# Material to process
Section HomTerms.
Variables (A B : Type) (opA : ops ar A) (opB : ops ar B) (h : A -> B).
Hypothesis hom_h : is_hom opA opB h.

Lemma hom_fill_first z t : h (fill_first opA z t) = fill_first opB (h z) (h t).
Proof. by rewrite /fill_first (hom_args hom_h) /= map_nseq. Qed.

Lemma hom_fill_ends z s t : h (fill_ends opA z s t) = fill_ends opB (h z) (h s) (h t).
Proof. by rewrite /fill_ends (hom_args hom_h) /= map_rcons map_nseq. Qed.

Lemma hom_iter_fill_first z m t :
  h (iter m (fill_first opA z) t) = iter m (fill_first opB (h z)) (h t).
Proof. by elim: m => //= m IH; rewrite hom_fill_first IH. Qed.

Lemma hom_ends_term z m : h (ends_term opA z m) = ends_term opB (h z) m.
Proof. by rewrite /ends_term hom_fill_ends !hom_iter_fill_first. Qed.

Lemma hom_wrapped_term z m : h (wrapped_term opA z m) = wrapped_term opB (h z) m.
Proof. by rewrite /wrapped_term hom_iter_fill_first hom_ends_term. Qed.

End HomTerms.

Hypothesis ar_f : 2 <= ar f.

Definition negb_last_ops : ops ar bool :=
  fun w v => ~~ last false [seq v i | i <- enum 'I_(ar w)].

Lemma negb_last_fill_first t : fill_first negb_last_ops false t = true.
Proof.
rewrite /fill_first /negb_last_ops map_args_enum /= ?size_nseq; last by lia.
have -> : (ar f).-1 = (ar f).-2 + 1 by lia.
by rewrite nseqD cats1 last_rcons.
Qed.

Lemma negb_last_fill_ends s t : fill_ends negb_last_ops false s t = ~~ t.
Proof.
rewrite /fill_ends /negb_last_ops map_args_enum /= ?size_rcons ?size_nseq; last by lia.
by rewrite last_rcons.
Qed.

Lemma negb_last_ends_term m : 0 < m -> ends_term negb_last_ops false m = false.
Proof. by case: m => // m _; rewrite /ends_term negb_last_fill_ends iterS negb_last_fill_first. Qed.

Lemma negb_last_wrapped_term m : 0 < m -> wrapped_term negb_last_ops false m = true.
Proof. by case: m => // m _; rewrite /wrapped_term iterS negb_last_fill_first. Qed.

Section PolishTerms.
Variables (X : Type) (B : finType) (mulB : B -> B -> B) (oneB : B) (iotaB : X + S -> B).
Hypothesis monB : monoid_axioms mulB oneB.
Local Notation "a * b" := (mulB a b).
Local Notation pw := (pw mulB oneB).
Local Notation opB := (polish_ops (ar:=ar) mulB iotaB).
Local Notation P := (iotaB (inr f)).

Lemma polish_fill_first z t : fill_first opB z t = P * t * pw z (ar f).-1.
Proof.
rewrite /fill_first /polish_ops map_args_enum /= ?size_nseq; last by lia.
exact: (foldl_nseq monB).
Qed.

Lemma polish_fill_ends z s t : fill_ends opB z s t = P * s * pw z (ar f).-2 * t.
Proof.
rewrite /fill_ends /polish_ops map_args_enum /= ?size_rcons ?size_nseq; last by lia.
by rewrite foldl_rcons (foldl_nseq monB).
Qed.

Lemma polish_iter_fill_first z m t :
  iter m (fill_first opB z) t = pw P m * t * pw (pw z (ar f).-1) m.
Proof.
elim: m => [|m IH]; first by rewrite /pw /= (mul1B monB) (mulB1 monB).
by rewrite iterS polish_fill_first IH !pwS -(pw_comm monB (pw z _)) !(mulBA monB).
Qed.

Lemma polish_wrapped_ends_term_fact z : exists v, forall N, #|B| <= N ->
  wrapped_term opB z N`! = v /\ ends_term opB z N`! = v.
Proof.
have [e [ee HP]] := pw_fact_idem monB P.
have [e' [ee' HC]] := pw_fact_idem monB (pw z (ar f).-1).
have eP : e * P = P * e by rewrite -(HP _ (leqnn _)) (pw_comm monB).
pose w := e * z * e'.
exists (P * w * pw z (ar f).-2 * w) => N BN.
have ends_eq : ends_term opB z N`! = P * w * pw z (ar f).-2 * w.
  by rewrite /ends_term polish_fill_ends polish_iter_fill_first HP ?HC.
split=> //; rewrite /wrapped_term polish_iter_fill_first ends_eq HP ?HC //.
by rewrite !(mulBA monB) eP -(mulBA monB P e e) ee -(mulBA monB _ e' e') ee'.
Qed.

End PolishTerms.

End FillTerms.

Lemma foldl_morph (A B : Type) (mulA : A -> A -> A) (mulB : B -> B -> B) (h : A -> B) :
    (forall a b, h (mulA a b) = mulB (h a) (h b)) ->
  forall l a, h (foldl mulA a l) = foldl mulB (h a) (map h l).
Proof. by move=> hmul; elim=> [|c l IH] a //=; rewrite IH hmul. Qed.

Lemma polish_hom_comp (S : finType) (ar : S -> nat) (X A M B : Type) (opA : ops ar A)
    (mul : M -> M -> M) (iota : X + S -> M) (mulB : B -> B -> B) (h : M -> B) (g : A -> M) :
    (forall a b, h (mul a b) = mulB (h a) (h b)) ->
  is_hom opA (polish_ops mul iota) g -> is_hom opA (polish_ops mulB (h \o iota)) (h \o g).
Proof. by move=> hmul hom w u; rewrite /= hom /polish_ops (foldl_morph hmul) -map_comp. Qed.

Lemma cont_to_discrete_comp (A B : topologicalType) (C : Type) (g : A -> B) (h : B -> C) :
  continuous g -> cont_to_discrete h -> cont_to_discrete (h \o g).
Proof. by move=> /continuousP g_cont h_cont c; exact: g_cont _ (h_cont c). Qed.

Lemma compact_seq_cluster (T : topologicalType) (s : nat -> T) : compact [set: T] ->
  exists a : T, forall (B : Type) (h : T -> B), cont_to_discrete h ->
    forall c N, (forall n, N <= n -> h (s n) = c) -> h a = c.
Proof.
move=> cT; have [a [_ a_cluster]] := cT (fmap s \oo) _ filterT.
exists a => B h h_cont c N hc.
have [] := a_cluster (s @` [set n | N <= n]) (h @^-1` [set h a]).
- by exists N => // n Nn; exists n.
- exact: open_nbhs_nbhs.
by move=> _ [[n Nn <-] /= <-]; apply: hc.
Qed.

Theorem proposition4p14
  (S : finType) (ar : S -> nat) (X : finType)
  (Hn : exists w : S, 2 <= ar w) (HX : 0 < #|X|)
  (F : topologicalType) (opF : ops ar F) (iotaF : X -> F)
  (HF : free_profinite_algebra opF iotaF)
  (M : topologicalType) (mul : M -> M -> M) (one : M) (iotaM : X + S -> M)
  (HM : free_profinite_monoid mul one iotaM)
  (Phi : F -> M)
  (Phi_cont : continuous Phi)
  (Phi_hom : is_hom opF (polish_ops (ar:=ar) mul iotaM) Phi)
  (Phi_gen : forall x : X, Phi (iotaF x) = iotaM (inl x))
  (Phi_SM : Phi @` [set: F] `<=`
            closed_gen_subalg (polish_ops (ar:=ar) mul iotaM) (iotaM @` (range inl))) :
  ~ injective Phi.
Proof.
move=> Phi_inj.
have [f ar_f] := Hn; have /card_gt0P [x _] := HX.
have [[_ F_compact _ _] _ F_free] := HF.
pose z := iotaF x.
have [a a_lim] := compact_seq_cluster (fun N => wrapped_term f opF z N`!) F_compact.
have [b b_lim] := compact_seq_cluster (fun N => ends_term f opF z N`!) F_compact.
have Phi_ab : Phi a = Phi b.
  have [[_ _ _ _ M_sep] _ _] := HM.
  apply: contrapT => /M_sep [B [mulB [oneB [h [monB [_ h_mul] h_cont]]]]].
  apply; change ((h \o Phi) a = (h \o Phi) b).
  have H_hom := polish_hom_comp h_mul Phi_hom.
  have H_cont := cont_to_discrete_comp Phi_cont h_cont.
  have [v Hv] := polish_wrapped_ends_term_fact ar_f (h \o iotaM) monB ((h \o Phi) z).
  rewrite (a_lim _ _ H_cont v #|B|) ?(b_lim _ _ H_cont v #|B|) // => N BN.
  - by rewrite (hom_ends_term _ H_hom); case: (Hv N BN).
  - by rewrite (hom_wrapped_term _ H_hom); case: (Hv N BN).
have [k [[k_hom k_cont k_gen] _]] := F_free _ (negb_last_ops (ar:=ar)) (fun=> false).
have kz : k z = false by exact: (congr1 (fun g => g x) k_gen).
have : k a = k b by rewrite (Phi_inj _ _ Phi_ab).
rewrite (a_lim _ _ k_cont true 1) ?(b_lim _ _ k_cont false 1) // => N N1.
- by rewrite (hom_ends_term _ k_hom) kz negb_last_ends_term ?fact_gt0.
- by rewrite (hom_wrapped_term _ k_hom) kz negb_last_wrapped_term ?fact_gt0.
Qed.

# Task to complete
Show all lines of the material in which the word "iotaB" can be found.

# Your response
Variables (X : Type) (B : finType) (mulB : B -> B -> B) (oneB : B) (iotaB : X + S -> B).
Local Notation opB := (polish_ops (ar:=ar) mulB iotaB).
Local Notation P := (iotaB (inr f)).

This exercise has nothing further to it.